Unnamed: 0,Characters,BDM,BDM_top6,BDM_bg,BDM_top,BDM_all_bg,SVM,SVM_wsw,SVM_bg,SVM_cg,BDM_avg,SVM_avg
Schiller,17,0.5411,0.8333,0.1529,0.9667,0.2,0.8941,0.9411,0.9882,0.9411,0.5388,0.941125
Goethe,15,0.64,0.8,0.1466,0.97,0.3333,0.6933,0.68,0.92,0.6933,0.57798,0.74665
Totals,32,0.59055,0.81665,0.14975,0.96835,0.26665,0.7937,0.81055,0.9541,0.8172,0.55839,0.843888


### Comments

* Regarding at the Burrows' delta method, Goethe gets the best result with 0.54, 0.1 points far from Schillers, although when looking at the top six results is Schiller the one getting the highest score. Goethe score increases just 0.16 points, which  reveals a relatively small difference between bigger and smaller characters scores, even if we take into account the slightly smaller amount of total characters as a factor.

* The bigrams BDM scores are very poor, even if watching at the filtered top characters, so they don't give us so much to work with, besides the astounding difference when compared with the English results. Further analysis should be driven, but it could be explained by the richness and reflexivity of German grammar, which would lead to an exponential increase of stop words related bigrams variety for such an small amount of text.

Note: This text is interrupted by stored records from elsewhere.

Lemma mean_le {I : finType} (g : I -> R) (B : R) :
  (0 < #|I|)%N -> (forall i, g i <= B) -> #|I|%:R^-1 * \sum_i g i <= B.
Proof.
move=> I_gt0 g_le; rewrite mulr_sumr; apply: convex_comb_le => // [i|].
  by rewrite invr_ge0 ler0n.
by rewrite sumr_const -(mulr_natr #|I|%:R^-1) mulVf // pnatr_eq0 -lt0n.
Qed.

Lemma mean_sum_abs_le {A J : finType} (w : A -> R) (Z : J -> A -> R) (B : R) :
  (forall a, 0 <= w a) -> \sum_a w a = 1 -> 0 < B ->
  \sum_j \sum_a w a * Z j a ^+ 2 <= B ^+ 2 ->
  \sum_a w a * \sum_j `|Z j a| <= B * Num.sqrt #|J|%:R.
Proof.
move=> w_ge0 w_sum1 B_gt0 moment2.
have [J0 | J_gt0] := posnP #|J|.
  rewrite J0 sqrtr0 mulr0 big1 // => a _.
  by rewrite big_pred0 ?mulr0 // => j; have := card0_eq J0 j.
set c := B / Num.sqrt #|J|%:R.
have c_gt0 : 0 < c by rewrite divr_gt0 // sqrtr_gt0 ltr0n.
(* AM-GM; [c] is chosen so that both resulting terms equal [B * sqrt #|J| / 2]. *)
have abs_le z : `|z| <= z ^+ 2 / (2 * c) + c / 2.
  rewrite -subr_ge0 -(real_normK (num_real z)).
  have -> : `|z| ^+ 2 / (2 * c) + c / 2 - `|z| = (`|z| - c) ^+ 2 / (2 * c).
    by field; rewrite gt_eqF.
  by rewrite divr_ge0 ?sqr_ge0 // mulr_ge0 // ltW.
apply: le_trans (_ : \sum_a w a * \sum_j (Z j a ^+ 2 / (2 * c) + c / 2) <= _).
  by apply: ler_sum => a _; rewrite ler_wpM2l // ler_sum.
have -> : \sum_a w a * \sum_j (Z j a ^+ 2 / (2 * c) + c / 2) =
    (\sum_j \sum_a w a * Z j a ^+ 2) / (2 * c) + #|J|%:R * c / 2.
  transitivity (\sum_j \sum_a (w a * Z j a ^+ 2 / (2 * c) + w a * (c / 2))).
    rewrite exchange_big; apply: eq_bigr => a _; rewrite mulr_sumr.
    by apply: eq_bigr => j _; rewrite mulrDr mulrA.
  under eq_bigr do rewrite big_split /= -!mulr_suml w_sum1 mul1r.
  by rewrite big_split /= -mulr_suml sumr_const -(mulr_natl (c / 2)) mulrA.
apply: le_trans (_ : B ^+ 2 / (2 * c) + #|J|%:R * c / 2 <= _).
  by rewrite lerD2r ler_wpM2r // invr_ge0 mulr_ge0 // ltW.
suff -> : B ^+ 2 / (2 * c) + #|J|%:R * c / 2 = B * Num.sqrt #|J|%:R by [].
have sqrtJ_gt0 : 0 < Num.sqrt #|J|%:R :> R by rewrite sqrtr_gt0 ltr0n.
rewrite /c; set sJ := Num.sqrt _; rewrite -(sqr_sqrtr (ler0n R #|J|)) -/sJ.
by field; rewrite !gt_eqF.
Qed.
Lemma krein_frame_duals : is_frame ip J ip k ->
  [/\ krein_dual ip J (Q \o k) k,
      krein_dual ip J (J \o Q \o k) (J \o k),
      hilbert_dual ip J (J \o Q \o k) k,
      hilbert_dual ip J (Q \o k) (J \o k) &
      forall A B : R, 0 < A -> A <= B -> frame_bounds ip J ip k A B ->
        [/\ frame_bounds ip J ip (Q \o k) B^-1 A^-1,
            frame_bounds ip J ip (J \o Q \o k) B^-1 A^-1,
            frame_bounds ip J h (J \o Q \o k) B^-1 A^-1 &
            frame_bounds ip J h (Q \o k) B^-1 A^-1]].
Proof.
move=> kF; have [A [B [A_gt0 [le_AB FB]]]] := kF.
have B_gt0 : 0 < B := lt_le_trans A_gt0 le_AB.
have Bi_gt0 : 0 < B^-1 by rewrite invr_gt0.
have le_BiAi : B^-1 <= A^-1 by rewrite lef_pV2 ?posrE.
have [DQ DJQ DJQh DQh] := dual_frame_bounds A_gt0 le_AB FB.
have [Jk kh Jkh] := frame_bounds_J FB.
have frame f g C D : 0 < C -> C <= D -> frame_bounds ip J f g C D -> is_frame ip J f g.
  by move=> *; exists C, D.
split; last exact: dual_frame_bounds.
- by split; [|exact: frame DQ|exact: expansion_Qk_k].
- split; [exact: frame Jk|exact: frame DJQ|] => x.
  by apply: eq_series_sumV (expansion_Qk_Jk x) => n /=; rewrite Jsa.
- split; [exact: frame kh|exact: frame DJQh| |exact: expansion_k_JQk A_gt0 le_AB FB] => x.
  by apply: eq_series_sumV (expansion_Qk_k x) => n /=; rewrite ipJ_Jl.
- split; [exact: frame Jkh|exact: frame DQh|exact: expansion_Qk_Jk|].
  exact: expansion_Jk_Qk A_gt0 le_AB FB.
Qed.

End KreinFrame.

Unset Implicit Arguments.

Theorem proposition3p8 (R : realType) (V : lmodType R[i])
    (ip : V -> V -> R[i]) (J : V -> V) (k : nat -> V) (S Sinv : V -> V) :
  krein_space ip J ->
  is_frame ip J ip k ->
  frame_operator ip J k S ->
  cancel S Sinv -> cancel Sinv S ->
  [/\ krein_dual ip J (Sinv \o k) k,
      krein_dual ip J (J \o Sinv \o k) (J \o k),
      hilbert_dual ip J (J \o Sinv \o k) k,
      hilbert_dual ip J (Sinv \o k) (J \o k) &
      forall A B : R, 0 < A -> A <= B -> frame_bounds ip J ip k A B ->
        [/\ frame_bounds ip J ip (Sinv \o k) B^-1 A^-1,
            frame_bounds ip J ip (J \o Sinv \o k) B^-1 A^-1,
            frame_bounds ip J (ipJ ip J) (J \o Sinv \o k) B^-1 A^-1 &
            frame_bounds ip J (ipJ ip J) (Sinv \o k) B^-1 A^-1]].
Proof.
move=> KJ kF FO SK QK; have [iplin ipherm _ hH] := KJ.
have JK := fundamental_symmetryK KJ.
have Jsa := fundamental_symmetry_selfadjoint KJ.
exact: (krein_frame_duals iplin ipherm JK Jsa hH FO SK QK kF).
Qed.
Lemma spectrum_of_Z61 c k : spectrum_on Z61 c k -> spectrum_on Z c k.
Proof. by move=> ck m; rewrite Z_diag; apply: ck. Qed.

Lemma G1_diag_Z61 i : G (@Ordinal 8 1 isT) i i = 1.
Proof.
case: G_nimrep => _ G0 _ _.
have := comb_eq (spectrum_of_Z61 spectrum_G1_Z61) (spectrum_of_Z61 spectrum_G0_Z61).
move/matrixP/(_ i i); rewrite !combE !sum_ord8 /vec8 /= G0 mxE eqxx; lia.
Qed.

Lemma G6_diag_Z61 i : G (@Ordinal 8 6 isT) i i = 0.
Proof.
pose G6 := vec8 [:: 0; 0; 0; 0; 0; 0; 1].
have G6_ge0 l : 0 <= G6 l by apply: vec8_ge0.
have tr6 : \tr (comb G6) = 0.
  rewrite (mxtrace_comb (spectrum_of_Z61 spectrum_G6_Z61)).
  under eq_bigr do rewrite Z_diag.
  by rewrite !big_ord_recl big_ord0; vm_compute.
have := psumr_eq0P (fun a _ => comb_ge0 a a G6_ge0) tr6 (i := i) isT.
by rewrite combE sum_ord8 /G6 /vec8 /=; lia.
Qed.

Lemma comb_vac023456_diag_Z61 i :
  `|comb vac023456 i i|%N \in [:: 1; 2; 3; 5; 6; 9]%N.
Proof.
case: G_nimrep => G_ge0 G0 _ _.
have g0 : G ord0 i i = 1 by rewrite G0 mxE eqxx.
have g1 := G1_diag_Z61 i; have g6 := G6_diag_Z61 i.
have psd c j : spectrum_on Z c (delta_at j 9) -> 0 <= comb c i i.
  by move=> cj; apply: (comb_diag_ge0 _ cj) => m; rewrite /delta_at; case: eqP.
have -> : comb vac023456 i i = 1 + G (@Ordinal 8 2 isT) i i
    + G (@Ordinal 8 3 isT) i i + G (@Ordinal 8 4 isT) i i + G (@Ordinal 8 5 isT) i i.
  by rewrite combE sum_ord8 /vac023456 /vec8 /=; lia.
have := psd _ _ (@spectrum_half_col2 Z); have := psd _ _ (@spectrum_half_col3 Z).
have := psd _ _ (@spectrum_half_col4 Z); have := psd _ _ (@spectrum_half_col5 Z).
rewrite /half_col2 /half_col3 /half_col4 /half_col5 !combE !sum_ord8 /vec8 /= => *.
apply: psd_diag_values; by [apply: G_ge0 | lia].
Qed.

End Z61Diagonal.

End MatchingNimrep.

Section NimlessCriteria.
Variables (C : numClosedFieldType) (Z : modinv) (c : 'I_8 -> int) (S : nat).
Hypothesis Z00 : Z zero8 zero8 = 1%N.
Hypothesis c0 : c zero8 = 1.
Hypothesis c_ge0 : forall l, 0 <= c l.
Hypothesis c_spec : spectrum_on Z c (delta_at zero8 S).

Lemma nimless_of_no_square_composition :
  square_compositions (trZ Z) S = [::] -> nimless C Z.
Proof.
move=> no_sq [G [G_nimrep [e [e_count [U [U_unitary G_diag]]]]]].
have := comb_diag_square_compositions G_nimrep e_count U_unitary G_diag
  Z00 c0 c_ge0 c_spec.
by rewrite no_sq.
Qed.

Lemma nimless_of_unique_square_composition t : Z o4 o4 = 1%N ->
  square_compositions (trZ Z) S = [:: nseq (trZ Z) t] -> nimless C Z.
Proof.
move=> Z44 sq1 [G [G_nimrep [e [e_count [U [U_unitary G_diag]]]]]].
have := comb_diag_square_compositions G_nimrep e_count U_unitary G_diag
  Z00 c0 c_ge0 c_spec.
rewrite sq1 mem_seq1 => /eqP diag_t.
have := comb_diag_codom_neq_nseq G_nimrep e_count U_unitary G_diag
  Z00 c0 c_ge0 c_spec t Z44.
by rewrite diag_t eqxx.
Qed.

End NimlessCriteria.

Lemma nimless_of_Z61_diag C Z : (forall m, Z m m = Z61 m m) -> nimless C Z.
Proof.
move=> Z_diag [G [G_nimrep [e [e_count [U [U_unitary G_diag]]]]]].
have trZ6 : trZ Z = 6%N.
  by rewrite /trZ; under eq_bigr do rewrite Z_diag; rewrite !big_ord_recl big_ord0.
have v_ge0 l : 0 <= vac023456 l by apply: vec8_ge0.
have := comb_diag_codom_not_unique G_nimrep e_count U_unitary G_diag (Z_diag zero8)
  erefl v_ge0 (spectrum_of_Z61 Z_diag spectrum_vac023456_Z61) 3 (Z_diag o4)
  (comb_vac023456_diag_Z61 G_nimrep e_count U_unitary G_diag Z_diag).
by rewrite trZ6 => /eqP; apply; vm_compute.
Qed.
(* Let $\mathcal{D}_1=\{(z_1,z_2)\in\mathbb{C}^2: 1+|z_1|^2-|z_2|^2>|1+z_1^2-z_2^2|,\ \mathrm{Im}(z_1(1+\overline{z_2}))>0\}$ and $\mathcal{H}=\{(z_1,z_2)\in\mathbb{C}^2:\mathrm{Im}(z_1)>0,\ z_2\notin(-\infty,-1]\cup[1,\infty)\}$. Then $\mathcal{D}_1\subset\mathcal{H}$, and if $(z_1,z_2)\in\mathcal{D}_1$ then $(z_1,0)\in\mathcal{D}_1$. *)

From Stdlib Require Import Reals.
From Coquelicot Require Import Coquelicot.
Open Scope R_scope.
Open Scope C_scope.

Definition D1 (z1 z2 : C) : Prop :=
  (1 + (Cmod z1)^2 - (Cmod z2)^2 > Cmod (1 + z1 * z1 - z2 * z2))%R /\
  (Im (z1 * (1 + Cconj z2)) > 0)%R.

Definition Hset (z1 z2 : C) : Prop :=
  (Im z1 > 0)%R /\
  ~ (Im z2 = 0 /\ (Re z2 <= -1 \/ 1 <= Re z2))%R.

(** Write z1 = a + i b.  The quantity L = 1 + |z1|^2 - |z2|^2 satisfies
    L^2 - |1 + z1^2 - z2^2|^2 = 4 (b^2 - (Im z2)^2 - (Im (z1 conj z2))^2),
    so on D_1 both Im z2 and Im (z1 conj z2) are smaller than |b| in modulus.
    The second condition of D_1 reads b + Im (z1 conj z2) > 0, which forces
    b > 0; and for real z2 = c one has Im (z1 conj z2) = b c, so |c| < 1.
    For z2 = 0 the identity gives L^2 - |1 + z1^2|^2 = 4 b^2 > 0. *)
From Stdlib Require Import Reals Lra Psatz.
From Coquelicot Require Import Coquelicot.

Lemma Cmod_lt_iff (w : C) (L : R) :
  (Cmod w < L <-> 0 < L /\ Cmod w ^ 2 < L ^ 2)%R.
Proof.
  pose proof (Cmod_ge_0 w).
  split; [intros; split; nra | intros [? ?]; nra].
Qed.

Lemma D1_gap_identity (z1 z2 : C) :
  ((1 + Cmod z1 ^ 2 - Cmod z2 ^ 2) ^ 2 - Cmod (1 + z1 * z1 - z2 * z2) ^ 2
   = 4 * (Im z1 ^ 2 - Im z2 ^ 2 - Im (z1 * Cconj z2) ^ 2))%R.
Proof.
  rewrite !Cmod2_alt; destruct z1 as [a b], z2 as [c d]; simpl; ring.
Qed.

Lemma Im_mul_1_plus_conj (z1 z2 : C) :
  Im (z1 * (1 + Cconj z2)) = (Im z1 + Im (z1 * Cconj z2))%R.
Proof. destruct z1 as [a b], z2 as [c d]; simpl; ring. Qed.

Lemma D1_Im_bound {z1 z2 : C} :
  D1 z1 z2 -> (Im z2 ^ 2 + Im (z1 * Cconj z2) ^ 2 < Im z1 ^ 2)%R.
Proof.
  intros [Hmod _].
  apply Cmod_lt_iff in Hmod as [_ Hsq].
  pose proof (D1_gap_identity z1 z2).
  lra.
Qed.

Lemma D1_Im_pos {z1 z2 : C} : D1 z1 z2 -> (0 < Im z1)%R.
Proof.
  intros HD.
  pose proof (D1_Im_bound HD) as Hbound.
  destruct HD as [_ Hpos]; rewrite Im_mul_1_plus_conj in Hpos.
  nra.
Qed.

Lemma D1_not_on_cuts {z1 z2 : C} :
  D1 z1 z2 -> ~ (Im z2 = 0 /\ (Re z2 <= -1 \/ 1 <= Re z2))%R.
Proof.
  intros HD [Hd Hc].
  pose proof (D1_Im_bound HD) as Hbound.
  pose proof (D1_Im_pos HD) as Hb.
  assert (HIm : Im (z1 * Cconj z2) = (Im z1 * Re z2)%R).
  { destruct z1 as [a b], z2 as [c d]; simpl in *; subst d; ring. }
  rewrite HIm in Hbound.
  assert (Hc2 : (1 <= Re z2 ^ 2)%R) by (destruct Hc; nra).
  nra.
Qed.

Lemma D1_Hset {z1 z2 : C} : D1 z1 z2 -> Hset z1 z2.
Proof.
  intros HD; split; [exact (D1_Im_pos HD) | exact (D1_not_on_cuts HD)].
Qed.

Lemma D1_zero_of_Im_pos {z1 : C} : (0 < Im z1)%R -> D1 z1 (RtoC 0).
Proof.
  intros Hb.
  assert (Hcross : Im (z1 * Cconj (RtoC 0)) = 0%R)
    by (destruct z1 as [a b]; simpl; ring).
  pose proof (D1_gap_identity z1 (RtoC 0)) as Hgap.
  rewrite Hcross, Cmod_0 in Hgap; change (Im (RtoC 0)) with 0%R in Hgap.
  split.
  - apply Cmod_lt_iff.
    pose proof (Cmod_ge_0 z1).
    rewrite Cmod_0; split; nra.
  - rewrite Im_mul_1_plus_conj, Hcross; lra.
Qed.

Theorem lemma3p1 :
  (forall z1 z2 : C, D1 z1 z2 -> Hset z1 z2) /\
  (forall z1 z2 : C, D1 z1 z2 -> D1 z1 (RtoC 0)).
Proof.
  split; intros z1 z2 HD.
  - exact (D1_Hset HD).
  - exact (D1_zero_of_Im_pos (D1_Im_pos HD)).
Qed.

* For every Support Vector Machine model Schiller scores are significantly higher than Goethes. Even when Goethe has the lowest amount of characters, shows the lowest score in the SMV models average, 0.12 lower than Shakespeare, and not being able to be attributed to language or period, at least at high degree, since Schiller score goes up till 0.94. At this point is convenient to clarify some aspects of Goethes corpus which might be involved in this phenomena. Goethe is the only author which have second part characters, as is the case of Faust and Mephistopheles, two top characters in both parts of Faust, which have been treated as different characters for several reasons. The fact that 24 years separate the two publications,the huge entity that both parts raise in the Germanic culture separately, plus the fact that the literature criteria often points out significant differences, specially in the thematic dimension, made it easier for the researcher to take this decision. In addition, such a topic obviously arouses the curiosity and the drive of watching how this relation behaves, although it shouldn't be ignored the possible effects along the experiments.

* The SVM model with word bigrams, as it did with the English authors, shows the highest accuracy scores, and even Goethe gets a 0.92 value.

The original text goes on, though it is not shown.